Peas have several advantages: they breed true (pure lines exist), they have short generation time, they produce large numbers of offspring, and they have easily observable contrasting traits. Critically, peas are naturally self-pollinating, which let Mendel maintain pure lines and control crosses precisely. He also lucked out — most of the 7 traits he studied happen to be on different chromosomes, so independent assortment held up beautifully.
What is the difference between F1 and F2 generation?
F1 (first filial) is the direct offspring of two pure-breeding parents. F2 is obtained by crossing two F1 individuals (or self-fertilising F1 in plants). The recessive trait that disappeared in F1 reappears in F2 in a predictable ratio — this was Mendel’s key observation.
Can dominant traits skip a generation?
Dominant traits cannot skip generations — if the allele is present, it expresses itself. What can appear to “skip” is a recessive trait: when two carriers (Tt) have a child with the dominant phenotype (Tt or TT), the recessive allele is hidden. It shows up again when two carriers marry.
What is incomplete dominance and how is it different from Mendel’s results?
In incomplete dominance, neither allele fully dominates. A cross between red snapdragon (RR) and white (rr) gives pink F1 (Rr). F2 gives 1 red : 2 pink : 1 white — the phenotype ratio equals the genotype ratio (1:2:1 instead of 3:1). Mendel’s 3:1 ratio holds only when dominance is complete.
How do you find the genotype of an organism showing a dominant phenotype?
Perform a test cross — cross it with a homozygous recessive organism. If any offspring show the recessive phenotype, the organism is heterozygous. If all offspring show the dominant phenotype (and the sample size is large enough), the organism is likely homozygous dominant.

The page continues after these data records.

Lemma cocycle_cohomologous p z :
  is_cocycle K p z -> is_coboundary K p (csum (coext K rf (lin crf z)) z).
Proof.
case: Hrf Hcrf => [_ rf_crit rf_up] [crf_sub crf_crit crf_low] [zKp z_cocycle].
have cover s : s \in K -> [\/ s \in crit W, s \in lowreg W | s \in upreg W].
  by case/morse_cover; [apply: Or31 | apply: Or33 | apply: Or32].
have rf_bd t s : t \in upreg W -> (s \in bd K t) = (s \in K) && (t \in cobd K s).
  by move/(subsetP upreg_sub); apply: mem_bd.
have [w wL <-] := ext_ref_homologous cover crf_crit crf_low (@cobd_sub _ K)
  (@card_cobd _ K) upreg_partner_cobd lowreg_partner_cobd crit_sub rf_crit rf_up
  rf_bd lowreg_sub (ref_sub_crit crf_sub) (cobd_cobd (morse_complex HW)) zKp z_cocycle.
exists w => //; apply/(subset_trans wL)/subsetP => t /setIdP[tL /eqP tn].
by rewrite inE (subsetP lowreg_sub t tL); apply/eqP; lia.
Qed.

End MorseMatching.

Unset Implicit Arguments.

Theorem proposition18 (V : finType) (K : {set {set V}}) (W : seq (step V))
  (rf crf : {set V} -> {set {set V}}) :
  morse_seq K W -> is_ref K W rf -> is_coref K W crf ->
  forall p : nat,
    (forall z, is_cycle K p z ->
       is_boundary K p (csum (ext K crf (lin rf z)) z)) /\
    (forall z, is_cocycle K p z ->
       is_coboundary K p (csum (coext K rf (lin crf z)) z)).
Proof.
move=> HW Hrf Hcrf p; split=> z.
  exact: (cycle_homologous HW Hrf Hcrf).
exact: (cocycle_cohomologous HW Hrf Hcrf).
Qed.
(* For integers $r,k\ge0$ and real $\alpha$ with $\alpha>k>r$, $$\sum_{n=1}^\infty\frac{H_{n+\alpha}^2}{(n+r)(n+k)}=\frac1{k-r}\Bigg\{H_{\alpha-r}^3+H_{\alpha-r}H_{\alpha-r}^{(2)}+H_{\alpha-r}\zeta(2)-H_{\alpha-k}^3-H_{\alpha-k}H_{\alpha-k}^{(2)}-H_{\alpha-k}\zeta(2)$$ $$+(r-\alpha)\sum_{j=1}^r\frac{H_{\alpha+j-r}^2}{j(\alpha+j-r)}+\sum_{j=1}^{k-r}\frac{H_{\alpha+j-k}}{(\alpha+j-k)^2}-(k-\alpha)\sum_{j=1}^k\frac{H_{\alpha+j-k}^2}{j(\alpha+j-k)}\Bigg\}.$$
   Context: Shifted harmonic numbers: for a real $\alpha$ that is not a negative integer, $H_\alpha := \sum_{k=1}^\infty\left(\frac1k-\frac1{k+\alpha}\right)$ and, for integers $m\ge 2$, $H_\alpha^{(m)} := \sum_{k=1}^\infty\left(\frac1{k^m}-\frac1{(k+\alpha)^m}\right)=\zeta(m)-\zeta(m,\alpha+1)$, where $\zeta$ is the Riemann zeta function and $\zeta(s,\alpha+1)=\sum_{n=1}^\infty (n+\alpha)^{-s}$ is the Hurwitz zeta function. Powers such as $H_\alpha^2$ mean $(H_\alpha)^2$. Empty sums are $0$. *)

From Stdlib Require Import Reals Lra Lia ClassicalEpsilon.
Open Scope R_scope.

(* The sum of a series sum_{k>=0} f k: the limit of the partial sums, chosen by
   Hilbert's epsilon (it is the unique limit whenever the series converges). *)
Definition series (f : nat -> R) : R :=
  epsilon (inhabits 0) (fun l => infinite_sum f l).

Definition H (a : R) : R :=
  series (fun k => / INR (S k) - / (INR (S k) + a)).
Definition Pm_dvd_k :=
  [set c in Pm b m | [forall j, (polyOfRow c %| natpoly b (k j))%R]].

Lemma card_Gm_tuples : #|Gm_tuples| = (G ^ s)%N.
Proof.
rewrite -[s in RHS]card_ord -card_ffun_on; apply: eq_card => g.
by rewrite inE; apply/forallP/familyP.
Qed.

Lemma card_dual_pairs :
  #|dual_pairs| = (\sum_(c in Pm b m) #|dual_fibre (polyOfRow c)|)%N.
Proof.
rewrite -sum1_card; symmetry.
rewrite (eq_bigr (fun c => \sum_(g in dual_fibre (polyOfRow c)) 1)%N) => [|c _].
  by rewrite pair_big_dep; apply: eq_bigl => -[c g]; rewrite !inE.
by rewrite sum1_card.
Qed.

Lemma card_dual_fibre_le (p : {poly 'F_b}) : (#|dual_fibre p| <= G ^ s)%N.
Proof.
rewrite -card_Gm_tuples subset_leq_card //.
by apply/subsetP => g; rewrite inE => /andP[].
Qed.

Lemma card_dual_fibre_coprime (p : {poly 'F_b}) j0 : size p = m.+1 ->
  coprimep p (natpoly b (k j0)) -> (#|dual_fibre p| * G <= G ^ s)%N.
Proof.
move=> size_p cop_p.
pose upd (gv : {ffun 'I_s -> row} * row) :=
  [ffun j => if j == j0 then gv.2 else gv.1 j].
(* The fibre condition determines g j0 from the other entries of g. *)
have upd_inj : {in setX (dual_fibre p) (Gm b m) &, injective upd}.
  move=> [g v] [g' v'] /setXP[fib_g _] /setXP[fib_g' _] /= eq_upd.
  have upd_j j : upd (g, v) j = upd (g', v') j by rewrite eq_upd.
  have eq_v : v = v' by move: (upd_j j0); rewrite !ffunE eqxx.
  have eq_off j : j != j0 -> g j = g' j.
    by move=> neq_j; move: (upd_j j); rewrite !ffunE (negPf neq_j).
  suff eq_j0 : g j0 = g' j0.
    rewrite eq_v (_ : g = g') //; apply/ffunP => j.
    by case: (eqVneq j j0) => [->|/eq_off].
  move: fib_g fib_g'; rewrite !inE /in_dual => /andP[_ dvd_g] /andP[_ dvd_g'].
  rewrite (bigD1 j0) //= in dvd_g; rewrite (bigD1 j0) //= in dvd_g'.
  have eq_rest : \sum_(j | j != j0) natpoly b (k j) * polyOfRow (g j) =
                 \sum_(j | j != j0) natpoly b (k j) * polyOfRow (g' j).
    by apply: eq_bigr => j /eq_off ->.
  rewrite eq_rest in dvd_g.
  apply: polyOfRow_inj; apply: dvdp_mulD_uniq cop_p _ _ dvd_g dvd_g';
    by rewrite size_p ltnS size_polyOfRow.
rewrite -card_Gm_tuples -cardsX -(card_in_imset upd_inj) subset_leq_card //.
apply/subsetP => _ /imsetP[[g v] /setXP[fib_g Gm_v] ->]; rewrite inE.
move: fib_g; rewrite !inE => /andP[/forallP Gm_g _].
by apply/forallP => j; rewrite ffunE; case: eqP.
Qed.
Lemma Mmx_comp i j h :
  mmul r r' r (diagop r' r (Ut T r r'))
    (mmul r r' r' (Mmx T' T'' u' u'')
      (mmul r r r' (diagop r r' (Ut T r' r)) (Mmx T T' u u'))) i j h
  = Ut T r r' (Ut T' r' r'' (Ut T r'' r (Mmx T T'' u u'' i j h))).
Proof.
rewrite !mmul_diagl (mmul_single_col (l0 := sigma V n u u' j)); first last.
- by move=> l; rewrite (Mmx0 rvK src_rv HU tree' tree'').
- by move=> l lN; rewrite mmul_diagl (MmxE tree tree') // (negbTE lN) (Ut0 tree).
rewrite mmul_diagl (MmxE tree tree') // eqxx (UtK tree) (MmxE tree' tree'') //.
rewrite sigma_trans // u_sigma // (MmxE tree tree'') //.
case: eqP => _; last by rewrite !(Ut0 tree, Ut0 tree').
by rewrite (UtK tree) (UtK tree').
Qed.

End Composition.

Theorem mainTheorem2
  (V D : finType) (src tgt : D -> V) (rev : D -> D)
  (Hrev_inv : involutive rev) (Hrev_nofix : forall f, rev f != f)
  (Hrev_src : forall f, src (rev f) = tgt f)
  (Hconn : graph_connected V D src tgt)
  (n : nat) (HV : #|V| = n.+1)
  (R : realType) (H : V -> hilbert R)
  (U : forall f : D, H (src f) -> H (tgt f))
  (HU : groupoid_rep V D src tgt rev R H U)
  (T T' T'' : {set D}) (u u' u'' : 'I_n.+1 -> V)
  (Ho : orst V D src tgt rev n T u) (Ho' : orst V D src tgt rev n T' u')
  (Ho'' : orst V D src tgt rev n T'' u'') :
  let r := orst_root V n u in let r' := orst_root V n u' in let r'' := orst_root V n u'' in
  let C : H r -> H r :=
    fun h => Ut V D src tgt rev R H U T r r' (Ut V D src tgt rev R H U T' r' r'' (Ut V D src tgt rev R H U T r'' r h)) in
  forall (i j : 'I_n.+1) (h : H r),
    mmul V R H n r r' r (diagop V R H n r' r (Ut V D src tgt rev R H U T r r'))
      (mmul V R H n r r' r' (Mmx V D src tgt rev R H U n T' T'' u' u'')
        (mmul V R H n r r r' (diagop V R H n r r' (Ut V D src tgt rev R H U T r' r))
           (Mmx V D src tgt rev R H U n T T' u u'))) i j h
    = mmul V R H n r r r (diagop V R H n r r C)
        (Mmx V D src tgt rev R H U n T T'' u u'') i j h.
Proof.
move=> r r' r'' C i j h.
case: Ho Ho' Ho'' => [tree bij_u] [tree' bij_u'] [tree'' bij_u''].
by rewrite [RHS]mmul_diagl; apply: Mmx_comp.
Qed.
(* For each $\boldsymbol\alpha\in\mathbb C^d$, ${\rm Ann}(L(\boldsymbol\alpha))={\rm Ann}({}^RL(\boldsymbol\alpha))$ (two-sided ideals of $D(R_A)$).
   Context: $A\subset\mathbb Z^d$ is a finite set generating the group $\mathbb Z^d$; $R_A=\mathbb C[\mathbb NA]\subseteq\mathbb C[t_1^{\pm1},\dots,t_d^{\pm1}]$; $D(R_A)=\{P\in\mathbb C[t^{\pm1}]\langle\partial_1,\dots,\partial_d\rangle:P(R_A)\subseteq R_A\}$; $s_j=t_j\partial_j$. $M(\boldsymbol\alpha)=D(R_A)/\sum_iD(R_A)(s_i-\alpha_i)$, ${}^RM(\boldsymbol\alpha)=D(R_A)/\sum_i(s_i-\alpha_i)D(R_A)$. Let $\mathcal O$ be the category of left $D(R_A)$-modules $M=\bigoplus_{\boldsymbol\lambda}M_{\boldsymbol\lambda}$ with finite-dimensional $M_{\boldsymbol\lambda}=\{x:f(s)x=f(\boldsymbol\lambda)x\ \forall f\}$, and ${}^R\mathcal O$ the category of right modules with finite-dimensional $M_{\boldsymbol\lambda}=\{x:xf(s)=f(-\boldsymbol\lambda)x\ \forall f\}$. $L(\boldsymbol\alpha)$ (resp. ${}^RL(\boldsymbol\alpha)$) is the unique simple quotient of $M(\boldsymbol\alpha)$ in $\mathcal O$ (resp. of ${}^RM(\boldsymbol\alpha)$ in ${}^R\mathcal O$). *)

From HB Require Import structures.
From mathcomp Require Import all_boot all_order all_algebra.
From mathcomp Require Import complex.
From mathcomp Require Import Rstruct.
Set Implicit Arguments. Unset Strict Implicit. Unset Printing Implicit Defensive.
Import Order.TTheory GRing.Theory Num.Theory.
Local Open Scope ring_scope.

What does “true breeding” mean?
A true-breeding (pure-breeding) organism produces offspring identical to itself generation after generation when self-fertilised. Tall true-breeding plants are TT — all offspring are tall. Mendel started his experiments with true-breeding lines to ensure his crosses were clean.
Why is the 9:3:3:1 ratio only for dihybrid crosses?
The 9:3:3:1 ratio assumes two independently assorting genes, each with complete dominance, from two heterozygous parents (AaBb × AaBb). Change any condition — add a third gene, link the genes, or introduce incomplete dominance — and the ratio changes. Trihybrid cross (AaBbCc × AaBbCc) gives a 27:9:9:9:3:3:3:1 ratio across 64 total combinations.
Is Mendel’s Law of Independent Assortment always valid?
No. It holds only for genes on different (non-homologous) chromosomes or genes very far apart on the same chromosome. Genes physically close together on the same chromosome are linked and tend to be inherited together, violating independent assortment. Morgan’s work on Drosophila demonstrated this — it’s covered in Class 12.